9. The automata processing apparatus of claim 8, wherein the processor generates the nondeterministic finite automata by transforming each node to correspond to one character.

10. The automata processing apparatus of claim 8, wherein the processor transforms the regular expression pattern into a Glushkov automata according to a Glushkov construction to generate the nondeterministic finite automata.

11. The automata processing apparatus of claim 8, wherein the regular expression pattern is expressed as a regular expression or an extended regular expression, and the extended regular expression is applied with an extended grammar including a capture group, a dereference, a forward search, or a combination thereof.

12. The automata processing apparatus of claim 11, wherein the processor performs the matching by selectively applying a first matching algorithm or a second matching algorithm according to whether the regular expression pattern corresponds to the extended regular expression.

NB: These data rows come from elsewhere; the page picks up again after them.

Lemma rig_var_NE_asymp :
  asymp_by (4 / 45) 1 (rig_var p (@NE R n m))
    (n%:R ^+ 2 * phat m p * (1 - phat m p)
     + n%:R ^+ 3 * (1 - 2 * p ^+ 2 + p ^+ 3) ^+ m * Num.min 1 (m%:R * p ^+ 3)).
Proof.
have /andP[q_gt0 q_lt1] := phat_in01 (ltnW (ltnW m3)) p01.
have /andP[gap_lo gap_hi] := exprn_gap_bounds m p01.
have /andP[C2_lo C2_hi] := bin2_bounds R n3.
have /andP[C3_lo C3_hi] := bin3_bounds R n3.
have s_gt0 : 0 < 1 - phat m p by rewrite subr_gt0.
rewrite rig_var_NE one_sub_phat in s_gt0 *.
set q := phat m p in q_gt0 *; set s := (1 - p ^+ 2) ^+ m in s_gt0 gap_lo gap_hi *.
set t := (1 - 2 * p ^+ 2 + p ^+ 3) ^+ m in gap_lo gap_hi *.
set M := Num.min 1 _ in gap_lo gap_hi *.
set C2 := 'C(n, 2)%:R in C2_lo C2_hi *; set C3 := 6 * 'C(n, 3)%:R in C3_lo C3_hi *.
set N := n%:R in C2_lo C2_hi C3_lo C3_hi *.
rewrite -[C2 * q * s]mulrA -[N ^+ 2 * q * s]mulrA -[N ^+ 3 * t * M]mulrA.
set A := q * s; set G := t - s ^+ 2 in gap_lo gap_hi *.
have A_gt0 : 0 < A by rewrite mulr_gt0.
have N_ge3 : 3 <= N by rewrite (ler_nat R 3).
have N2A_gt0 : 0 < N ^+ 2 * A by rewrite mulr_gt0 // exprn_gt0 //; lra.
have N3_ge0 : 0 <= N ^+ 3 by rewrite exprn_ge0 //; lra.
have t_gt0 : 0 < t by rewrite exprn_gt0 // one_sub_2sqr_cube_gt0.
have M_ge0 : 0 <= M.
  by rewrite le_min ler01 mulr_ge0 ?ler0n ?exprn_ge0 //; case/andP: p01 => /ltW.
have tM_ge0 : 0 <= t * M by rewrite mulr_ge0 // ltW.
have C2A_lo : N ^+ 2 / 3 * A <= C2 * A by rewrite ler_wpM2r // ltW.
have C2A_hi : C2 * A <= N ^+ 2 * A by rewrite ler_wpM2r // ltW.
have C3G_lo : 2 / 9 * N ^+ 3 * (2 / 5 * (t * M)) <= C3 * G by apply: ler_pM => //; lra.
have C3G_hi : C3 * G <= N ^+ 3 * (t * M) by apply: ler_pM => //; lra.
have N3tM_ge0 : 0 <= N ^+ 3 * (t * M) by rewrite mulr_ge0.
by split; [|split; [|split]]; lra.
Qed.

Lemma rig_var_NE_asymp_sparse : m%:R * p ^+ 3 <= 1 ->
  asymp_by (4 / 45) 9 (rig_var p (@NE R n m))
    (n%:R ^+ 2 * phat m p * (1 - phat m p)
     + n%:R ^+ 3 * m%:R * p ^+ 3 * (1 - phat m p) ^+ 2).
Proof.
move=> mp3; rewrite -[4 / 45]mulr1 -[9]mul1r.
apply: asymp_by_trans rig_var_NE_asymp _; [lra | exact: ler01 |].
have [p0 _] := andP p01.
have /andP[q_gt0 q_lt1] := phat_in01 (ltnW (ltnW m3)) p01.
have s_gt0 : 0 < 1 - phat m p by rewrite subr_gt0.
have /andP[gap_lo _] := exprn_gap_bounds m p01; rewrite min_r // in gap_lo.
have sqr_lo := sqr_exprn_ge_ninth m3 p01 mp3.
rewrite min_r // one_sub_phat in s_gt0 *.
set q := phat m p in q_gt0 *; set s := (1 - p ^+ 2) ^+ m in s_gt0 gap_lo sqr_lo *.
set t := (1 - 2 * p ^+ 2 + p ^+ 3) ^+ m in gap_lo sqr_lo *.
have n2qs_gt0 : 0 < n%:R ^+ 2 * q * s by rewrite !mulr_gt0 // ltr0n; lia.
have tmp3_ge0 : 0 <= t * (m%:R * p ^+ 3).
  by rewrite !mulr_ge0 ?ler0n ?exprn_ge0 ?ltW // one_sub_2sqr_cube_gt0.
have n3mp3_ge0 : 0 <= n%:R ^+ 3 * m%:R * p ^+ 3.
  by rewrite !mulr_ge0 ?ler0n ?exprn_ge0 ?ltW.
have sqr_hi : n%:R ^+ 3 * m%:R * p ^+ 3 * s ^+ 2 <= n%:R ^+ 3 * m%:R * p ^+ 3 * t.
  by rewrite ler_wpM2l //; lra.
have sqr_lo' : n%:R ^+ 3 * m%:R * p ^+ 3 * (t / 9) <= n%:R ^+ 3 * m%:R * p ^+ 3 * s ^+ 2.
  by rewrite ler_wpM2l.
by split; [|split; [|split]]; lra.
Qed.

End Asymptotics.

Theorem lemma3p1 (R : realType) :
  (forall (n m : nat) (p : R), (3 <= n)%N -> (3 <= m)%N -> 0 < p < 1 ->
     rig_var p (@NE R n m) =
       'C(n, 2)%:R * phat m p * (1 - phat m p)
       + 6 * 'C(n, 3)%:R * ((1 - 2 * p ^+ 2 + p ^+ 3) ^+ m - (1 - phat m p) ^+ 2))
  /\ (exists c C : R, 0 < c /\ 0 < C /\
       forall (n m : nat) (p : R), (3 <= n)%N -> (3 <= m)%N -> 0 < p < 1 ->
         asymp_by c C (rig_var p (@NE R n m))
           ((n%:R) ^+ 2 * phat m p * (1 - phat m p)
            + (n%:R) ^+ 3 * (1 - 2 * p ^+ 2 + p ^+ 3) ^+ m
                * Num.min 1 (m%:R * p ^+ 3)))
  /\ (exists c C : R, 0 < c /\ 0 < C /\
       forall (n m : nat) (p : R), (3 <= n)%N -> (3 <= m)%N -> 0 < p < 1 ->
         m%:R * p ^+ 3 <= 1 ->
         asymp_by c C (rig_var p (@NE R n m))
           ((n%:R) ^+ 2 * phat m p * (1 - phat m p)
            + (n%:R) ^+ 3 * m%:R * p ^+ 3 * (1 - phat m p) ^+ 2)).
Proof.
split; first by move=> n m p _ _ _; exact: rig_var_NE.
split.
  exists (4 / 45), 1; do 2!(split; first lra).
  by move=> n m p n3 m3 p01; exact: rig_var_NE_asymp.
exists (4 / 45), 9; do 2!(split; first lra).
by move=> n m p n3 m3 p01; exact: rig_var_NE_asymp_sparse.
Qed.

13. The automata processing apparatus of claim 12, wherein the processor applies the first matching algorithm in which when the regular expression pattern includes the extended grammar, a path is searched by selecting one of several next states that moves through each character starting from a starting state, an unselected state is separately stored along with a position on the character string, when there is an acceptance path among paths progressed in a state selected first, matching is terminated, and when the acceptance path is not searched, a new path is searched based on a most recently stored state and position.

14. The automata processing apparatus of claim 12, wherein the processor applies the second matching algorithm in which when the regular expression pattern does not include the extended grammar, all the next states that move through each character starting from the starting state are simultaneously considered, and when a current state includes an acceptance state at a time when all characters are consumed, it is determined that there is the acceptance path.